# spartan shotguns



## Colonel Sanders (Sep 24, 2005)

I am thinking of getting a side by side shotgun. I will probably go with the spartan spr220. I was wondering if any has one and what they think of it or if they have any suggestions on other side by sides in that price range thanks for the help


----------



## Colonel Sanders (Sep 24, 2005)

Does anyone Know where I can see some reviews on spartan shotguns?


----------



## The Norseman (Jan 8, 2005)

Hello,

You can find a review in the On Target magazine given away free at
some gun shops.

If sure there are some other magazine articles out there.

Good luck

Out of here


----------



## RiveRat (Sep 19, 2004)

The Spartans are essentially the Russian Baikals. Baikals were imported for years by EAA. Remington took over marketing for the entire plant production thus eliminating further marketing under the Baikal name. We have three Baikal 20 ga. side by sides in our family. Other than being really stiff when they were new, they have been really good guns. The one I shoot fits me really well and I surprise myself with some of the shots I have made with it. It's become one of my favorite shotguns, which is somethingfor me, since I often carry it instead of my O/U Beretta.


----------



## Colonel Sanders (Sep 24, 2005)

I was hoping that some one with a spartan type gun would post so that I could hear what they thought of it. I did find some reviews on the spartan guns but they didnt really say what they thought of them just that they are imported and they said what models they have and how much they cost.


----------



## Colonel Sanders (Sep 24, 2005)

Does any one know where I can buy spartan shotguns? I have been looking around and I cant find any :huh: I will either buy it in Illinois,Missouri, or Nebraska if that helps any.


----------



## Gohon (Feb 14, 2005)

I'm a little curious........ you did say you were 15 years old so I was just wondering how you intend to legally purchase this shotgun and especially out of state?


----------



## Colonel Sanders (Sep 24, 2005)

My grandmother lives in missouri, my great uncle lives in Nebraska, and my dad can get it for me in illinois.


----------



## Gohon (Feb 14, 2005)

Well like I said I was just curious but a little advise if you don't mind............ what you are talking about is called Straw-purchasing and it is very illegal, especially since you are under age. Reason I tell you this is for your own safety and those who may purchase the gun for you, as you never know who is lurking in this or any other forum. The penalty for the person buying the gun for you could be up to 10 years in a federal prison. So I think it would behoove you not to express that you are buying a gun or someone else is getting it for you............. at least not publicly.


----------



## Colonel Sanders (Sep 24, 2005)

Thanks for the tip Gohon I did not know that. I guess I wiil just have to ask for the spartan for christmas or for my birthday or something :lol:


----------



## Colonel Sanders (Sep 24, 2005)

I guess its a good thing that I didnt go throughwith it and get in trouble with the po po :lol:


----------



## Gohon (Feb 14, 2005)

You can still have the guns............. just remember it is not legally your gun until you become of age. It will belong to the purchaser until you are of age and then just follow the rules of your state for private transfer of gun ownership.


----------



## Colonel Sanders (Sep 24, 2005)

So if my dad bought it it would be my gun but tecnically it woulb be my dads right?


----------



## Gohon (Feb 14, 2005)

> So if my dad bought it it would be my gun but tecnically it woulb be my dads right


It would be your Dad's gun period. What ever agreement you and he had between yourselves would be between the two of you but always refer to the gun as your Dad's. Sounds crappy I know and it didn't always use to be that way but in today's world that is how it is. I suggest you read up on state laws on possession of a gun by minors. This is from your state but I'm sure not all conclusive........

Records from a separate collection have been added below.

(* Let $T>0$, $H_T=(0,T)\times(0,\infty)$, let $\tilde U\in C([0,T])$ with $\tilde U\le0$, and let $w_0\ge0$ be continuous on $[0,\infty)$. Let $w$ be a classical solution (continuous on $\overline{H_T}$, $C^1$ in $t$ and $C^2$ in $y$ in $H_T$) of $$\partial_tw-w^2+\partial_y^{-1}(w+\tilde U)\,\partial_yw-2\tilde Uw+\int_{+\infty}^yw\,dy'-\partial_y^2w=0\ \text{ in }H_T,$$ $$w|_{t=0}=w_0,\qquad w|_{y=0}=-\tilde U(t),\qquad \lim_{y\to+\infty}w=0,$$ such that $\sup_{H_T}|w(t,y)|e^{y}<\infty$ and $w(t,y)e^{y}\to0$ as $y\to+\infty$ uniformly in $t\in[0,T]$. Then $w\ge0$ in $H_T$.
   Context: $\partial_y^{-1}f(t,y):=\int_0^yf(t,y')dy'$. (In the paper $w=\tilde u-\tilde U$ with $\tilde u(t,y)=-\partial_xu(t,0,y)$, $\tilde U(t)=-\partial_xU(t,0)$ for a solution $u$ of the geophysical boundary layer problem.) *)

From Stdlib Require Import Reals Lra.
Open Scope R_scope.

Definition in_HT_closed (T t y : R) : Prop := 0 <= t <= T /\ 0 <= y.
Definition in_HT (T t y : R) : Prop := 0 < t < T /\ 0 < y.

Definition continuous_on2 (D : R -> R -> Prop) (f : R -> R -> R) : Prop :=
  forall t y, D t y ->
    forall eps, 0 < eps -> exists delta, 0 < delta /\
      forall s z, D s z -> Rabs (s - t) < delta -> Rabs (z - y) < delta ->
        Rabs (f s z - f t y) < eps.

Definition continuous_on1 (D : R -> Prop) (g : R -> R) : Prop :=
  forall x, D x -> forall eps, 0 < eps -> exists delta, 0 < delta /\
    forall z, D z -> Rabs (z - x) < delta -> Rabs (g z - g x) < eps.

Definition integral_eq (f : R -> R) (a b l : R) : Prop :=
  exists pr : Riemann_integrable f a b, RiemannInt pr = l.

Definition improper_integral_eq (f : R -> R) (a l : R) : Prop :=
  forall eps, 0 < eps -> exists M, forall b, M <= b ->
    exists I, integral_eq f a b I /\ Rabs (I - l) < eps.

From Stdlib Require Import Reals Lra ClassicalEpsilon.
From Coquelicot Require Import Coquelicot.
Open Scope R_scope.

(* Suppose w < 0 somewhere and weight it: z = w e^(y - lam t) with lam = |C| + 3, where C
   bounds |w| e^y.  As z decays when y -> oo and is nonnegative for t = 0 and for y = 0,
   it attains a negative minimum over [0,t0] x [0,oo) at an interior point (t0, y0).
   There w_t <= lam w, w_y = -w and w_yy >= w; moreover int_0^y0 (w + U) <= |C|, and
   int_y0^oo w >= w(t0,y0) because w e^y >= w(t0,y0) e^y0 for y >= y0.  Inserting all
   this into the equation gives w_t >= w^2 + (|C| + 2) w > lam w, a contradiction. *)

Lemma derive_nonpos_of_left_min (f : R -> R) x l r :
  derivable_pt_lim f x l -> 0 < r ->
  (forall s, x - r < s < x -> f x <= f s) -> l <= 0.
Proof.
  intros Hd Hr Hmin. apply Rnot_lt_le; intros Hl.
  destruct (Hd l Hl) as [[d Hd0] Hq]; simpl in Hq.
  set (h := - (Rmin d r / 2)).
  assert (Hmd := Rmin_l d r). assert (Hmr := Rmin_r d r).
  assert (Hm0 : 0 < Rmin d r) by (apply Rmin_pos; lra).
  assert (Hh : h < 0) by (unfold h; lra).
  assert (Hx := Hmin (x + h) ltac:(unfold h; lra)).
  specialize (Hq h (Rlt_not_eq _ _ Hh) ltac:(rewrite Rabs_left; unfold h; lra)).
  apply Rabs_def2 in Hq. destruct Hq as [_ Hq].
  assert (Hdiff : (f (x + h) - f x) / h * h = f (x + h) - f x) by (field; lra).
  nra.
Qed.

Lemma derivable_pt_lim_reflect (f : R -> R) x l :
  derivable_pt_lim f x l -> derivable_pt_lim (fun s => f (- s)) (- x) (- l).
Proof.
  intros Hd. replace (- l) with (l * - (1)) by ring.
  apply (derivable_pt_lim_comp Ropp f).
  - apply derivable_pt_lim_opp, derivable_pt_lim_id.
  - rewrite Ropp_involutive. exact Hd.
Qed.

Lemma derive_nonneg_of_right_min (f : R -> R) x l r :
  derivable_pt_lim f x l -> 0 < r ->
  (forall s, x < s < x + r -> f x <= f s) -> 0 <= l.
Proof.
  intros Hd Hr Hmin.
  enough (- l <= 0) by lra.
  apply (derive_nonpos_of_left_min _ _ _ r (derivable_pt_lim_reflect f x l Hd) Hr).
  intros s Hs. rewrite Ropp_involutive. apply Hmin. lra.
Qed.

Lemma derive_eq0_of_local_min (f : R -> R) x l r :
  derivable_pt_lim f x l -> 0 < r ->
  (forall s, x - r < s < x + r -> f x <= f s) -> l = 0.
Proof.
  intros Hd Hr Hmin. apply Rle_antisym.
  - apply (derive_nonpos_of_left_min f x l r); auto. intros s Hs; apply Hmin; lra.
  - apply (derive_nonneg_of_right_min f x l r); auto. intros s Hs; apply Hmin; lra.
Qed.

Lemma second_derive_nonneg_of_local_min (f f' : R -> R) x l r : 0 < r ->
  (forall s, x - r < s < x + r -> derivable_pt_lim f s (f' s)) ->
  derivable_pt_lim f' x l ->
  (forall s, x - r < s < x + r -> f x <= f s) -> 0 <= l.
Proof.
  intros Hr Hd Hd2 Hmin. apply Rnot_lt_le; intros Hl.
  assert (Hf'0 : f' x = 0) by (apply (derive_eq0_of_local_min f x _ r); auto; apply Hd; lra).
  destruct (Hd2 (- l) ltac:(lra)) as [[d Hd0] Hq]; simpl in Hq.
  set (h := Rmin d r / 2).
  assert (Hmd := Rmin_l d r). assert (Hmr := Rmin_r d r).
  assert (Hm0 : 0 < Rmin d r) by (apply Rmin_pos; lra).
  destruct (MVT_cor2 f f' x (x + h)) as [c [Hmvt Hc]]; [unfold h; lra | |].
  { intros c Hc. apply Hd. unfold h in Hc; lra. }
  specialize (Hq (c - x) ltac:(lra) ltac:(rewrite Rabs_right; unfold h in *; lra)).
  replace (x + (c - x)) with c in Hq by ring. rewrite Hf'0 in Hq.
  apply Rabs_def2 in Hq. destruct Hq as [Hq _].
  assert (Hdiff : (f' c - 0) / (c - x) * (c - x) = f' c) by (field; lra).
  assert (Hx := Hmin (x + h) ltac:(unfold h; lra)).
  assert (f' c < 0) by nra.
  unfold h in *; nra.
Qed.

*Illinois - It is unlawful for any person under the age of 18 to possess a handgun or cancelable firearm. A person under the age of 21 is not required to have an Firearms Owners Identification Card (FOI) in order to possess a firearm or ammunition while under the immediate control of a parent, guardian or other adult who has a valid FOI.*

I would assume this to mean anytime you go hunting you must have a adult with you............... never had that problem when I was growing up. We actually took our shotguns to school when I was a kid and stood them behind the classroom door until school let out so we could go hunting on the way home.


----------



## Colonel Sanders (Sep 24, 2005)

I was asking the people at walmart if they could special order spartan shotguns and they just look at me like I am nuts.Am I the only one who cant order a spartan or what?


----------



## Colonel Sanders (Sep 24, 2005)

I think in illinois if I have a foid card I will be ok because at the hunter safety course the conservation guard said that if you dont have a foid card your parent should be able to reach out and touch you so my dad is getting me and my brother foid cards, and does anyone know where I can get a spartan?


----------



## Colonel Sanders (Sep 24, 2005)

My brother talked to walmart today and looked at the special order book and they can get the spartan shotguns yay,so I think I will go with that


----------